Liver transplants have been a lifesaving therapy for decades. But innovation toward improving organ preservation and transplantation has remained remarkably limited over the years. In a welcome development for the field, a randomized trial recently reported in Nature compared the standard method of static cold storage to normothermic perfusion in liver transplantation1. The results of the study suggest that maintaining the liver by metabolically active perfusion at body temperature may be advantageous.

The list of patients waiting for a liver transplant has increased substantially in recent years. At least partly to blame is the success of liver transplantations. “Because they have been so successful, the indications are expanding to tumors: hepatocellular carcinoma and cholangiocarcinoma, even colorectal metastasis. A lot of people want to benefit from liver transplantation,” says Philipp Dutkowski, head of abdominal organ transplantation at the University of Zurich. With an increase in organ demand, the motivation to use suboptimal organs, such as those from donors with cardiovascular death or other comorbidities, is gaining traction. But methods that enable preservation of these suboptimal organs have not kept pace with demand (currently, about 20% of patients on the list die waiting for a liver).

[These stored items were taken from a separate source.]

Lemma achievable_smoothed n (rho : 'M[C]_n.+1) eps :
  is_state rho -> 0 <= eps ->
  achievable rho (2 * eps)
    (log2 n.+1%:R - log2 (#|smoothed_support rho eps|.-1.+1)%:R).
Proof.
move=> rho_state eps_ge0; set K := smoothed_support rho eps.
have [U Uu err] := concentration_code (spectral_unitarymx rho)
  (state_eigs_conj rho_state) (eigs_state_ge0 rho_state) (sum_eigs_state rho_state)
  (leqSpred #|K|).
exists #|K|.-1, n, #|K|.-1.+1, U; split => //.
apply: le_trans err _; rewrite ler_wpM2l //.
exact: sum_eigs_notin_smoothed_support.
Qed.
End States.

Theorem theorem1 (R : realType) (dA : nat) (rho : 'M[R[i]]_dA) (eps : R) :
  is_state rho -> 0 <= eps <= 1 ->
  log2 dA%:R - Hmax_tilde rho eps <= purity rho (3 * Num.sqrt eps).
Proof.
case: dA rho => [|n] rho rho_state eps01.
  by case: rho_state => _ _ /eqP; rewrite /mxtrace big_ord0 eq_sym oner_eq0.
have [eps_ge0 _] := andP eps01; set K := smoothed_support rho eps.
have ach := achievable_weaken (mul2_le_mul3_sqrt eps01)
  (achievable_smoothed rho_state eps_ge0).
apply: le_trans (ub_le_sup _ ach); last first.
  by exists (log2 n.+1%:R) => r; apply: achievable_le_log2_dim.
rewrite lerB // /Hmax_tilde.
have := card_smoothed_support_le_rank rho eps; rewrite -/K.
case: #|K| => [|k] K_le_rank; first by rewrite /log2 ln1 mul0r log2_ge0.
exact: log2_le.
Qed.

One preservation method that has received attention in recent years is normothermic machine perfusion (NMP). In contrast to static cold storage, where the organ is flushed, cooled and placed in an ice-box to reduce its metabolic activity, NMP involves perfusing the liver with oxygenated blood at normal body temperature. Animal models and a phase 1 trial have suggested that normothermic preservation may replenish ATP levels, contributing to an improvement in post-transplant survival. The approach may also allow interventions before transplant, such as defattening or treating with drugs or regenerative cell therapies, and organ function assessment.

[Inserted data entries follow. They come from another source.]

(* Placing the vertices in convex position on a circle according to an
   injective labelling f : T -> 'I_#|T| (cyclic order), the chords ab and cd
   cross iff a,b,c,d are pairwise distinct and exactly one of c,d lies
   strictly between a and b. *)
Definition chords_cross (f : T -> 'I_#|T|) (a b c d : T) : bool :=
  let lo := minn (f a) (f b) in
  let hi := maxn (f a) (f b) in
  let inside x := (lo < x < hi) in
  [&& a != b, c != d, a != c, a != d, b != c, b != d &
      inside (f c : nat) != inside (f d : nat)].

(* outerplanar: admits a drawing with all vertices on a circle and edges as
   straight chords, no two of which cross *)
Definition outerplanar (e : rel T) : Prop :=
  exists f : T -> 'I_#|T|, injective f /\
    forall a b c d, e a b -> e c d -> ~~ chords_cross f a b c d.

Definition add_edge (e : rel T) (u v : T) : rel T :=
  fun x y => e x y || ((x == u) && (y == v)) || ((x == v) && (y == u)).

Definition maximal_outerplanar (e : rel T) : Prop :=
  outerplanar e /\
  forall u v, u != v -> ~~ e u v -> ~ outerplanar (add_edge e u v).

End Graphs.

From mathcomp Require Import all_boot zify.
Set Implicit Arguments. Unset Strict Implicit. Unset Printing Implicit Defensive.

(* Draw G with its vertices on a circle at positions 0 .. n-1.  Maximality
   makes G a triangulation of the polygon: the chord 0(n-1) is an edge, and
   every edge ab with a + 1 < b is the side of a triangle abc with a < c < b.
   We run a dynamic programme along this triangulation: to each edge ab we
   attach a profile, a table of the costs at which the vertices strictly
   between a and b can be doubly dominated under given boundary conditions at
   a and b.  A family of 15 profiles, found by computer search, is closed
   under gluing the two sides of a triangle and closes up at the outer edge
   with the bound (n + t) / 2; both facts are finite checks done by evaluation. *)

Definition between (p q r : nat) : bool := minn p q < r < maxn p q.

Definition crossing (p q r s : nat) : bool :=
  [&& p != q, r != s, p != r, p != s, q != r, q != s &
      between p q r != between p q s].

Lemma between_lt p q r : p < q -> between p q r = (p < r < q).
Proof. by move=> lt_pq; rewrite /between (minn_idPl (ltnW lt_pq)) (maxn_idPr (ltnW lt_pq)). Qed.

Lemma crossing_sym p q r s : crossing p q r s = crossing r s p q.
Proof.
rewrite /crossing /between.
case: (ltngtP p q) => [h|h|->]; last by rewrite eqxx /= ?andbF.
all: case: (ltngtP r s) => [h'|h'|->]; last by rewrite eqxx /= ?andbF.
all: rewrite ?(minn_idPl (ltnW h)) ?(maxn_idPr (ltnW h))
             ?(minn_idPr (ltnW h)) ?(maxn_idPl (ltnW h)).
all: rewrite ?(minn_idPl (ltnW h')) ?(maxn_idPr (ltnW h'))
             ?(minn_idPr (ltnW h')) ?(maxn_idPl (ltnW h')).
all: case: (ltngtP p r) => // H1; case: (ltngtP p s) => // H2.
all: case: (ltngtP q r) => // H3; case: (ltngtP q s) => // H4.
all: rewrite ?eqxx ?andbF //=; lia.
Qed.

Lemma crossing_swap p q r s : crossing p q r s = crossing q p r s.
Proof.
rewrite /crossing /between minnC maxnC.
case: (ltngtP p q) => [h|h|->] //.
all: case: (ltngtP p r) => // H1; case: (ltngtP p s) => // H2.
all: case: (ltngtP q r) => // H3; case: (ltngtP q s) => // H4.
all: rewrite ?eqxx ?andbF //=; lia.
Qed.

Lemma crossing_nested p q r s : p < r < q -> s < p \/ q < s -> crossing p q r s.
Proof.
move=> r_in s_out; have lt_pq : p < q by lia.
rewrite /crossing !between_lt // r_in.
have -> : (p < s < q) = false by apply/negbTE/negP => /andP[]; lia.
by repeat (apply/andP; split); apply/eqP; lia.
Qed.

Lemma chords_cross_crossing (T : finType) (f : T -> 'I_#|T|) a b c d :
  injective f -> chords_cross f a b c d = crossing (f a) (f b) (f c) (f d).
Proof. by move=> f_inj; rewrite /chords_cross /crossing /between -!(inj_eq f_inj). Qed.

Lemma outerplanar_add_edge (T : finType) (e : rel T) (f : T -> 'I_#|T|) (x y : T) :
  injective f -> (forall a b c d, e a b -> e c d -> ~~ chords_cross f a b c d) ->
  (forall c d, e c d -> ~~ chords_cross f x y c d) -> outerplanar (add_edge e x y).
Proof.
move=> f_inj e_nc xy_nc; exists f; split => // a b c d.
have cc := chords_cross_crossing _ _ _ _ f_inj.
rewrite /add_edge => /orP[/orP[e_ab|/andP[/eqP-> /eqP->]]|/andP[/eqP-> /eqP->]]
  /orP[/orP[e_cd|/andP[/eqP-> /eqP->]]|/andP[/eqP-> /eqP->]];
  rewrite ?cc; try by rewrite /crossing !eqxx /= ?andbF.
- by rewrite -cc e_nc.
- by rewrite crossing_sym -cc xy_nc.
- by rewrite crossing_sym crossing_swap -cc xy_nc.
- by rewrite -cc xy_nc.
- by rewrite crossing_swap -cc xy_nc.
Qed.

(* For a chord ab of the triangulation (a < b) consider the
   vertices strictly between a and b.  A state (xa, xb, Da, Db) records whether
   a and b are in the dominating set and how many chosen inner vertices must be
   adjacent to a and to b; a profile assigns to each state an optional cost.
   The profiles below were found by exhaustive search; two boolean checks,
   evaluated by computation, show that they are stable under gluing two
   sub-polygons along a triangle and that they close up at the outer edge. *)
Definition profile := seq (option nat).

Definition state (xa xb : bool) (Da Db : nat) : nat := ((xa * 2 + xb) * 3 + Da) * 3 + Db.

Definition cost (p : profile) (xa xb : bool) (Da Db : nat) : option nat :=
  nth None p (state xa xb Da Db).

(* Costs are shifted by this offset so that they are natural numbers. *)
Definition cost_offset := 3.

(* A profile is given as 36 digits, one line per value of (xa, xb) and one
   group of three per value of Da; the digit 9 marks an unrealisable state. *)
Definition decode (s : seq nat) : profile := [seq if k <= 3 then Some k else None | k <- s].

Definition profiles : seq profile := map decode [::
  [:: 2; 2; 9;  9; 9; 9;  9; 9; 9;
       2; 2; 9;  9; 9; 9;  9; 9; 9;
       2; 2; 9;  9; 9; 9;  9; 9; 9;
       2; 2; 9;  9; 9; 9;  9; 9; 9];
  [:: 2; 9; 9;  2; 9; 9;  9; 9; 9;
       2; 9; 9;  2; 9; 9;  9; 9; 9;
       2; 9; 9;  2; 9; 9;  9; 9; 9;
       2; 9; 9;  2; 9; 9;  9; 9; 9];
  [:: 3; 3; 3;  3; 3; 3;  9; 9; 9;
       3; 3; 3;  3; 3; 3;  9; 9; 9;
       3; 3; 3;  3; 3; 3;  9; 9; 9;
       3; 3; 3;  3; 3; 3;  9; 9; 9];
  [:: 3; 3; 9;  3; 3; 9;  3; 3; 9;
       3; 3; 9;  3; 3; 9;  3; 3; 9;
       3; 3; 9;  3; 3; 9;  3; 3; 9;
       3; 3; 9;  3; 3; 9;  3; 3; 9];
  [:: 9; 9; 9;  9; 9; 9;  9; 9; 9;
       2; 2; 2;  9; 9; 9;  9; 9; 9;
       2; 2; 2;  9; 9; 9;  9; 9; 9;
       2; 2; 2;  9; 9; 9;  9; 9; 9];
  [:: 9; 9; 9;  9; 9; 9;  9; 9; 9;
       2; 2; 9;  2; 2; 9;  9; 9; 9;
       9; 9; 9;  9; 9; 9;  9; 9; 9;
       2; 2; 9;  2; 2; 9;  9; 9; 9];
  [:: 9; 9; 9;  9; 9; 9;  9; 9; 9;
       2; 9; 9;  2; 9; 9;  2; 9; 9;
       2; 9; 9;  2; 9; 9;  2; 9; 9;
       2; 9; 9;  2; 9; 9;  2; 9; 9];
  [:: 9; 9; 9;  9; 9; 9;  9; 9; 9;
       1; 1; 3;  3; 3; 3;  9; 9; 9;
       9; 9; 9;  9; 9; 9;  9; 9; 9;
       1; 1; 3;  3; 3; 3;  9; 9; 9];
  [:: 9; 9; 9;  9; 9; 9;  9; 9; 9;
       3; 3; 3;  3; 3; 3;  3; 3; 3;
       9; 9; 9;  9; 9; 9;  9; 9; 9;
       1; 1; 1;  1; 1; 1;  3; 3; 3];
  [:: 9; 9; 9;  9; 9; 9;  9; 9; 9;
       3; 3; 9;  3; 3; 9;  9; 9; 9;
       3; 3; 9;  3; 3; 9;  9; 9; 9;
       1; 3; 9;  3; 3; 9;  9; 9; 9];
  [:: 9; 9; 9;  9; 9; 9;  9; 9; 9;
       9; 9; 9;  9; 9; 9;  9; 9; 9;
       2; 2; 9;  2; 2; 9;  9; 9; 9;
       2; 2; 9;  2; 2; 9;  9; 9; 9];
  [:: 9; 9; 9;  9; 9; 9;  9; 9; 9;
       9; 9; 9;  9; 9; 9;  9; 9; 9;
       1; 3; 9;  1; 3; 9;  3; 3; 9;
       1; 3; 9;  1; 3; 9;  3; 3; 9];
  [:: 9; 9; 9;  9; 9; 9;  9; 9; 9;
       9; 9; 9;  9; 9; 9;  9; 9; 9;
       3; 3; 3;  3; 3; 3;  3; 3; 3;
       1; 1; 3;  1; 1; 3;  1; 1; 3];
  [:: 9; 9; 9;  9; 9; 9;  9; 9; 9;
       9; 9; 9;  9; 9; 9;  9; 9; 9;
       9; 9; 9;  9; 9; 9;  9; 9; 9;
       1; 1; 1;  1; 1; 1;  1; 1; 1];
  [:: 9; 9; 9;  9; 9; 9;  9; 9; 9;
       9; 9; 9;  9; 9; 9;  9; 9; 9;
       9; 9; 9;  9; 9; 9;  9; 9; 9;
       0; 0; 2;  0; 0; 2;  2; 2; 2]
].

(* The profile of a polygon edge (a, a+1): no inner vertex, no demands. *)
Definition edge_profile : profile :=
  [seq if i %% 9 == 0 then Some cost_offset else None | i <- iota 0 36].

(* Profiles tagged with a flag telling whether the chord is a polygon edge. *)
Definition tagged_profiles : seq (profile * bool) :=
  (edge_profile, true) :: [seq (p, false) | p <- profiles].

Definition bools := [:: false; true].
Definition demands := iota 0 3.

(* Realising state (xa, xb, Da, Db) of the chord ab at cost Q from the apex c
   of the triangle abc, with c chosen iff xc and with d1 (resp. d2) chosen
   neighbours of c on the side of ac (resp. cb): c must be doubly dominated,
   and the costs must add up; [ear] says that c has degree 2. *)
Definition glue_step_ok (p1 p2 : profile) (ear xa xb : bool) (Da Db Q : nat)
    (xc : bool) (d1 d2 : nat) : bool :=
  (2 <= xa + xb + xc + d1 + d2) &&
  match cost p1 xa xc (Da - xc) d1, cost p2 xc xb d2 (Db - xc) with
  | Some Q1, Some Q2 => Q1 + Q2 + 2 * xc <= Q + cost_offset + 1 + ear
  | _, _ => false
  end.

Definition glue_ok (p1 p2 : profile) (ear : bool) (q : profile) : bool :=
  all (fun xa => all (fun xb => all (fun Da => all (fun Db =>
    if cost q xa xb Da Db is Some Q then
      has (fun xc => has (fun d1 => has (fun d2 =>
        glue_step_ok p1 p2 ear xa xb Da Db Q xc d1 d2) demands) demands) bools
    else true) demands) demands) bools) bools.

Definition closure_ok : bool :=
  all (fun pe1 => all (fun pe2 =>
    has (glue_ok pe1.1 pe2.1 (pe1.2 && pe2.2)) profiles) tagged_profiles) tagged_profiles.

(* Closing the outer edge 0N with apex c: the three triangle vertices must be
   doubly dominated and the total cost must fit the bound (n + t) / 2; the
   flags [e1], [e2] say that 0, resp. N, has degree 2. *)
Definition top_step_ok (p1 p2 : profile) (e1 e2 xa xb xc : bool) (d1a d1b d2a d2b : nat) :=
  [&& 2 <= xa + xb + xc + d1a, 2 <= xa + xb + xc + d2b,
      2 <= xa + xb + xc + d1b + d2a &
  match cost p1 xa xc d1a d1b, cost p2 xc xb d2a d2b with
  | Some Q1, Some Q2 =>
      2 * (xa + xb + xc) + Q1 + Q2 <= 3 + (e1 && e2) + e1 + e2 + 2 * cost_offset
  | _, _ => false
  end].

The randomized trial by Nasralla et al.1 for the Consortium for Organ Preservation in Europe included 220 liver transplants. Although half of the organs were assigned to each preservation method, more organs stored in the cold were discarded before transplantation as compared with NMP (24.1% versus 11.7%). The primary endpoint of the trial, peak aspartate aminotransferase (AST, a measure of liver damage) levels 7 days after transplant, was 50% lower in the NMP group as compared to the static cold storage group. Bilirubin levels were also lower in this group, providing another measure of improved post-operative graft function.

As a first of its kind, the study involved a population of patients and organs that would be expected to do well in either condition. Patients in both groups had highly successful outcomes, with no differences observed in the rate of biliary strictures, length of hospital stay (15 days) and a 95% one-year graft survival1. “There is clear improvement [with NMP] but both sides did quite well,” says Markus Selzner, surgical director of the liver transplant program at Toronto General Hospital. “The study shows that this technology is safe and probably better than cold storage, and it offers new opportunities for interventions. Next steps will need to focus on severely injured grafts.”

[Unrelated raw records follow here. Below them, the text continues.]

Lemma Rpower_sqr_mul_lt_1 q nu : 0 < q < 1 -> -1 < nu -> Rpower q (2 * nu) * q ^ 2 < 1.
Proof.
  intros hq hnu.
  rewrite <- (Rpower_pow 2 q), <- Rpower_plus by lra. unfold Rpower.
  assert (ln q < 0) by (rewrite <- ln_1; apply ln_increasing; lra).
  rewrite <- exp_0. apply exp_increasing. simpl INR. nra.
Qed.

Lemma HE_J_eq q nu x : 0 < q ->
  HE_J q nu x =
  Rpower x nu / qpoch_inf (q ^ 2) (q ^ 2) * HE_series q (Rpower q (2 * nu)) (x ^ 2).
Proof.
  intros hq. unfold HE_J, HE_series, PSeries. f_equal. apply Series_ext. intros k.
  replace (2 * nu + 2 * INR k + 2) with (2 * nu + INR (2 * S k))
    by (rewrite mult_INR, !S_INR; simpl INR; ring).
  rewrite Rpower_plus, Rpower_pow, !pow_mult by lra.
  unfold HE_coef. rewrite <- pow_mult. reflexivity.
Qed.

Lemma HE_J_eq0_iff q nu x : 0 < q < 1 -> 0 < x ->
  HE_J q nu x = 0 <-> HE_series q (Rpower q (2 * nu)) (x ^ 2) = 0.
Proof.
  intros hq hx. rewrite HE_J_eq by lra.
  assert (0 < Rpower x nu) by apply exp_pos.
  assert (hQ : 0 < q ^ 2 < 1) by (split; nra).
  destruct (qpoch_inf_in_01 _ _ (conj (Rlt_le _ _ (proj1 hQ)) (proj2 hQ)) hQ).
  split; [|intros ->; ring].
  intros h. apply Rmult_integral in h as [h|h]; [|exact h].
  exfalso. revert h. apply Rgt_not_eq, Rdiv_lt_0_compat; lra.
Qed.

Theorem mainTheorem8 (q nu : R) (hq0 : 0 < q) (hq1 : q < 1) (hnu : -1 < nu) :
  exists j1 : R,
    0 < j1 /\ HE_J q nu j1 = 0 /\
    (forall y : R, 0 < y < j1 -> HE_J q nu y <> 0) /\
    j1 < / q * sqrt (1 + Rpower q (2 * nu)).
Proof.
  set (a := Rpower q (2 * nu)).
  assert (hq : 0 < q < 1) by lra.
  assert (ha : 0 < a) by apply exp_pos.
  assert (hap := Rpower_sqr_mul_lt_1 q nu hq hnu).
  destruct (HE_series_has_zero q a hq ha hap) as [z [[hz0 hzs] hz]].
  destruct (first_positive_zero _ z (HE_series_continuous q a hq ha hap)
              (Rgt_not_eq _ _ (HE_series_0 q a hq ha hap)) hz0 hz)
    as [m [[hm0 hmz] [hm hbelow]]].
  exists (sqrt m). assert (hj : 0 < sqrt m) by (apply sqrt_lt_R0; lra).
  split; [exact hj|]. split; [|split].
  - apply HE_J_eq0_iff; [exact hq|exact hj|]. rewrite pow2_sqrt by lra. exact hm.
  - intros y [hy0 hy1]. rewrite HE_J_eq0_iff by (exact hq || lra). apply hbelow.
    split; [apply pow2_ge_0|]. rewrite <- (pow2_sqrt m) by lra. simpl. nra.
  - assert (hq' : 0 < / q) by (apply Rinv_0_lt_compat; lra).
    rewrite <- (sqrt_pow2 (/ q)), <- sqrt_mult by (apply pow2_ge_0 || lra).
    apply sqrt_lt_1_alt. split; [lra|].
    replace ((/ q) ^ 2 * (1 + a)) with ((1 + a) / q ^ 2) by (field; lra). lra.
Qed.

Dutkowski is more circumspect. “At the moment, I don't see a big difference between the two arms of the study,” he says. “Using AST 7 days after transplantation is not a clinically relevant endpoint.” He also points out that the reasons for the lower organ discard rate in NMP are not presented in the paper1. “To show that the difference in dropout rate is meaningful, we would need to know why organs were discarded on both arms of the trial,” he says. A decrease in biliary complications and graft loss within the first year would be much more impressive measures, he suggests.

The current NMP machines are heavy and bulky, and cannot be loaded on a plane, says Selzner. But this is bound to be corrected by the markets if the approach is shown to enable substantial improvements in graft survival with injured livers. More accurate measures of organ function, preserved both in the cold and warm settings, will be key to designing trials in the future and improving graft survival. In the meantime, the trial from Nasralla et al.1, in a field that has remained stagnant for decades in terms of testing and incorporating new technologies, opens up much needed discussion of avenues that will ultimately get patients off the organ wait list.